Elizabeth décida qu’il était temps d’intervenir. Elle acheta finalement un bracelet pour avoir la paix. Ça ferait un petit cadeau à rapporter en souvenir à l’une de ses jeunes sœurs. Kitty adorait les babioles.

Le vendeur partit enfin, tout en se cognant contre une chaise longue qu’il renversa dans son sillage.

  • Tu as remarqué ? dit Elizabeth une fois le vendeur parti. On aurait dit qu’il avait un accent britannique, non ?

Darcy hocha la tête, pensif.

  • Oui, c’est vrai. Bizarre pour un vendeur local.

Le soir venu, ils décidèrent de dîner dans le restaurant gastronomique de l’hôtel. Pour l’occasion, Elizabeth avait revêtu une élégante robe de soirée qu’elle avait apportée dans sa valise tout spécialement pour un tête à tête amoureux. La robe, qui s’arrêtait à mi-cuisse, mettait particulièrement en valeur sa nouvelle paire d’escarpins (un cadeau de Jane en prévision des vacances).

Tandis qu’ils se dirigeaient vers le restaurant quand Elizabeth trébucha soudain, au beau milieu du chemin de bord de plage.

  • Aïe ! s’exclama-t-elle en se rattrapant à Darcy.
  • Ça va ? s’inquiéta-t-il.

Elizabeth examina sa cheville.

  • Oui, je crois. Mais c’est étrange. J’ai l’impression que quelque chose a attrapé ma cheville.

Ils regardèrent autour d’eux, mais ne virent rien de suspect. Haussant les épaules, ils continuèrent leur chemin.

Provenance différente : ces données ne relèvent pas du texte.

Lemma rho_poly_partial f : rho_poly f -> forall k, rho_poly (partial k f).
Proof.
elim => [c|i||f1 h Hf IHf Hh IHh|f1 h Hf IHf Hh IHh] k.
- apply: (@rho_poly_ext (fun _ => 0)); last exact: rho_poly_cst.
  by move=> x; rewrite /partial derive_val.
- apply: (@rho_poly_ext (fun _ => kdelta k i)); last exact: rho_poly_cst.
  by move=> x; rewrite /partial derive_val ebasis_coord.
- apply: (@rho_poly_ext (fun y => rho y * rho y * (-2 * y 0 k))).
    by move=> x; rewrite /partial derive_val dot_ebasis; ring.
  by do !apply: rho_poly_mul; constructor.
- have df := rho_poly_is_derive Hf; have dh := rho_poly_is_derive Hh.
  apply: (@rho_poly_ext (fun y => partial k f1 y + partial k h y)).
    move=> x; have dfx := df x (ebasis R k); have dhx := dh x (ebasis R k).
    by rewrite /partial [RHS]derive_val.
  exact: rho_poly_add.
- have df := rho_poly_is_derive Hf; have dh := rho_poly_is_derive Hh.
  apply: (@rho_poly_ext (fun y => f1 y * partial k h y + h y * partial k f1 y)).
    move=> x; have dfx := df x (ebasis R k); have dhx := dh x (ebasis R k).
    by rewrite /partial [RHS]derive_val.
  by apply: rho_poly_add; apply: rho_poly_mul.
Qed.

Lemma rho_poly_smooth f : rho_poly f -> smooth f.
Proof.
move=> Hf l; have Hl : rho_poly (iter_partial l f).
  by elim: l => [|a l IH] //=; exact: rho_poly_partial.
split=> [x|i x].
  exact/differentiable_continuous/rho_poly_differentiable.
exact/diff_derivable/rho_poly_differentiable.
Qed.
(* Let $s,s'\in\mathbb C$ and $f\in C_c^{\mathrm{lc}}(G/M)$. Then $\mathcal R_{s,s'}f$ is a well-defined, locally constant, compactly supported function on $G/M\langle\tau\rangle$; equivalently, under the bijection $G/M\langle\tau\rangle\cong(\Omega\times\Omega)\setminus\mathrm{diag}(\Omega)$, $\mathcal R_{s,s'}f\in C_c^{\mathrm{lc}}((\Omega\times\Omega)\setminus\mathrm{diag}(\Omega))$.
   Context: Let $q\ge2$, $\mathfrak G$ the $(q+1)$-regular tree with vertex set $\mathfrak X$, graph distance $d$ and boundary $\Omega$ (infinite non-backtracking edge chains modulo eventual equality up to shift, topologized by the sets of classes of chains starting with a given directed edge). Fix a vertex $o$ and $\omega_-\ne\omega_+$ with $o$ on the geodesic $]\omega_-,\omega_+[$; $\langle x,\omega\rangle=d(o,y)-d(x,y)$ where $[o,\omega)\cap[x,\omega)=[y,\omega)$. $G=\mathrm{Aut}(\mathfrak G)$ (topology of pointwise convergence), $K=\mathrm{Stab}_G(o)$, $B_{\omega_+}=\{g:g\omega_+=\omega_+,\ g\text{ fixes a vertex}\}$, $\tau\in G$ fixes $\omega_\pm$ and translates $]\omega_-,\omega_+[$ one step towards $\omega_+$; $g=kn\tau^j$ ($k\in K,n\in B_{\omega_+}$) with unique $j=:H(g)$. $r\in K$ with $r^2=\mathrm{id}$, $r\tau^jr^{-1}=\tau^{-j}$. $M=\{\gamma\in K:\gamma$ fixes $]\omega_-,\omega_+[$ pointwise$\}$. $G/M$ is homeomorphic to $\mathfrak P=\{(\omega_1,\omega_2,x):\omega_1\neq\omega_2,\ x\in]\omega_1,\omega_2[\}\subseteq\Omega\times\Omega\times\mathfrak X$ via $gM\mapsto(g\omega_-,g\omega_+,go)$; $C_c^{\mathrm{lc}}(G/M)$ denotes locally constant compactly supported functions. $G/M\langle\tau\rangle$ carries the quotient topology, and $gM\langle\tau\rangle\mapsto(g\omega_-,g\omega_+)$ is a bijection onto $(\Omega\times\Omega)\setminus\mathrm{diag}(\Omega)$. With $d_{s,s'}(gM)=q^{(\frac12+is)H(g)}q^{(\frac12+is')H(gr)}$, the weighted Radon transform is $(\mathcal R_{s,s'}f)(g)=\sum_{j\in\mathbb Z}f(g\tau^jM)\,d_{s,-\overline{s'}}(g\tau^jM)$. *)

From Stdlib Require Import Reals ZArith List ClassicalEpsilon.
From Coquelicot Require Import Coquelicot.

Set Implicit Arguments.

Section Tree.
Variable V : Type.
Variable adj : V -> V -> Prop.

Fixpoint nb_walk (l : list V) : Prop :=
  match l with
  | x :: ((y :: nil) as t) => adj x y
  | x :: ((y :: z :: _) as t) => adj x y /\ z <> x /\ nb_walk t
  | _ => True
  end.

Fixpoint walk (l : list V) : Prop :=
  match l with
  | x :: ((y :: _) as t) => adj x y /\ walk t
  | _ => True
  end.

Definition is_regular_tree (q : nat) : Prop :=
  (forall x y, adj x y -> adj y x) /\
  (forall x, ~ adj x x) /\
  (forall x, exists nbrs : list V,
       length nbrs = S q /\ NoDup nbrs /\ forall y, adj x y <-> In y nbrs) /\
  (forall x y, exists l, walk (x :: l ++ y :: nil)) /\
  (forall x l, ~ nb_walk (x :: l ++ x :: nil)).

Le dîner semblait se dérouler normalement, jusqu’à ce que le dessert arrive. Au moment où Elizabeth allait goûter son gâteau au chocolat, une nuée de guêpes surgit et sema la pagaille sur la terrasse du restaurant. Il fallu plusieurs minutes aux serveurs pour réussir à les chasser. Et pendant ce temps, les invités durent se réfugier sous les tables pour éviter tout risque de piqûre.

  • Oh non, soupira Elizabeth, déçue en constatant les ravages des bestioles sur sa belle part de fondant au chocolat.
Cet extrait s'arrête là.